Would you extract the whole listing below and retype it exactly?

Start of Information given

(* Let $X$ be a continuous random variable with probability density function $f$ whose support is the interval $(L,R)$, $-\infty\le L<R\le\infty$, and suppose $f$ is decreasing on $(L,R)$. Then for every $p\in\mathcal{D}=\{p\ge1:E[|X|^{p-1}]<\infty\}$, with $\nu_p$ the $p$-mean of $X$ and $H_p=\int_0^{\nu_p-L} y^{p-1} f(\nu_p-y)\,dy$, the density $\frac{1}{H_p}y^{p-1}f(\nu_p+y)\mathbf{1}_{(0,R-\nu_p)}(y)$ exhibits strict stochastic dominance over the density $\frac{1}{H_p}y^{p-1}f(\nu_p-y)\mathbf{1}_{(0,\nu_p-L)}(y)$.
   Context: For $p\ge 1$ and a continuous random variable $X$ with $E[|X|^{p-1}]<\infty$, the $p$-mean $\nu_p$ is the unique real solution $\nu$ of $E[(X-\nu)_+^{p-1}]=E[(\nu-X)_+^{p-1}]$; equivalently $\int_0^{\nu_p-L} y^{p-1} f(\nu_p-y)\,dy=\int_0^{R-\nu_p} y^{p-1} f(\nu_p+y)\,dy$. A distribution with CDF $F_Y$ exhibits strict stochastic dominance over one with CDF $F_Z$ if $F_Z(x)\ge F_Y(x)$ for all $x$ and $F_Z\not\equiv F_Y$. *)

From HB Require Import structures.
From mathcomp Require Import all_boot all_order all_algebra.
From mathcomp Require Import all_classical all_reals all_analysis.
Set Implicit Arguments. Unset Strict Implicit. Unset Printing Implicit Defensive.
Import Order.TTheory GRing.Theory Num.Theory.
Local Open Scope classical_set_scope.
Local Open Scope ring_scope.

Section defs.
Variable R : realType.
Local Notation mu := (@lebesgue_measure R).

End of Information given

» **Response area**:
(* Let $X$ be a continuous random variable with probability density function $f$ whose support is the interval $(L,R)$, $-\infty\le L<R\le\infty$, and suppose $f$ is decreasing on $(L,R)$. Then for every $p\in\mathcal{D}=\{p\ge1:E[|X|^{p-1}]<\infty\}$, with $\nu_p$ the $p$-mean of $X$ and $H_p=\int_0^{\nu_p-L} y^{p-1} f(\nu_p-y)\,dy$, the density $\frac{1}{H_p}y^{p-1}f(\nu_p+y)\mathbf{1}_{(0,R-\nu_p)}(y)$ exhibits strict stochastic dominance over the density $\frac{1}{H_p}y^{p-1}f(\nu_p-y)\mathbf{1}_{(0,\nu_p-L)}(y)$.
   Context: For $p\ge 1$ and a continuous random variable $X$ with $E[|X|^{p-1}]<\infty$, the $p$-mean $\nu_p$ is the unique real solution $\nu$ of $E[(X-\nu)_+^{p-1}]=E[(\nu-X)_+^{p-1}]$; equivalently $\int_0^{\nu_p-L} y^{p-1} f(\nu_p-y)\,dy=\int_0^{R-\nu_p} y^{p-1} f(\nu_p+y)\,dy$. A distribution with CDF $F_Y$ exhibits strict stochastic dominance over one with CDF $F_Z$ if $F_Z(x)\ge F_Y(x)$ for all $x$ and $F_Z\not\equiv F_Y$. *)

From HB Require Import structures.
From mathcomp Require Import all_boot all_order all_algebra.
From mathcomp Require Import all_classical all_reals all_analysis.
Set Implicit Arguments. Unset Strict Implicit. Unset Printing Implicit Defensive.
Import Order.TTheory GRing.Theory Num.Theory.
Local Open Scope classical_set_scope.
Local Open Scope ring_scope.

Section defs.
Variable R : realType.
Local Notation mu := (@lebesgue_measure R).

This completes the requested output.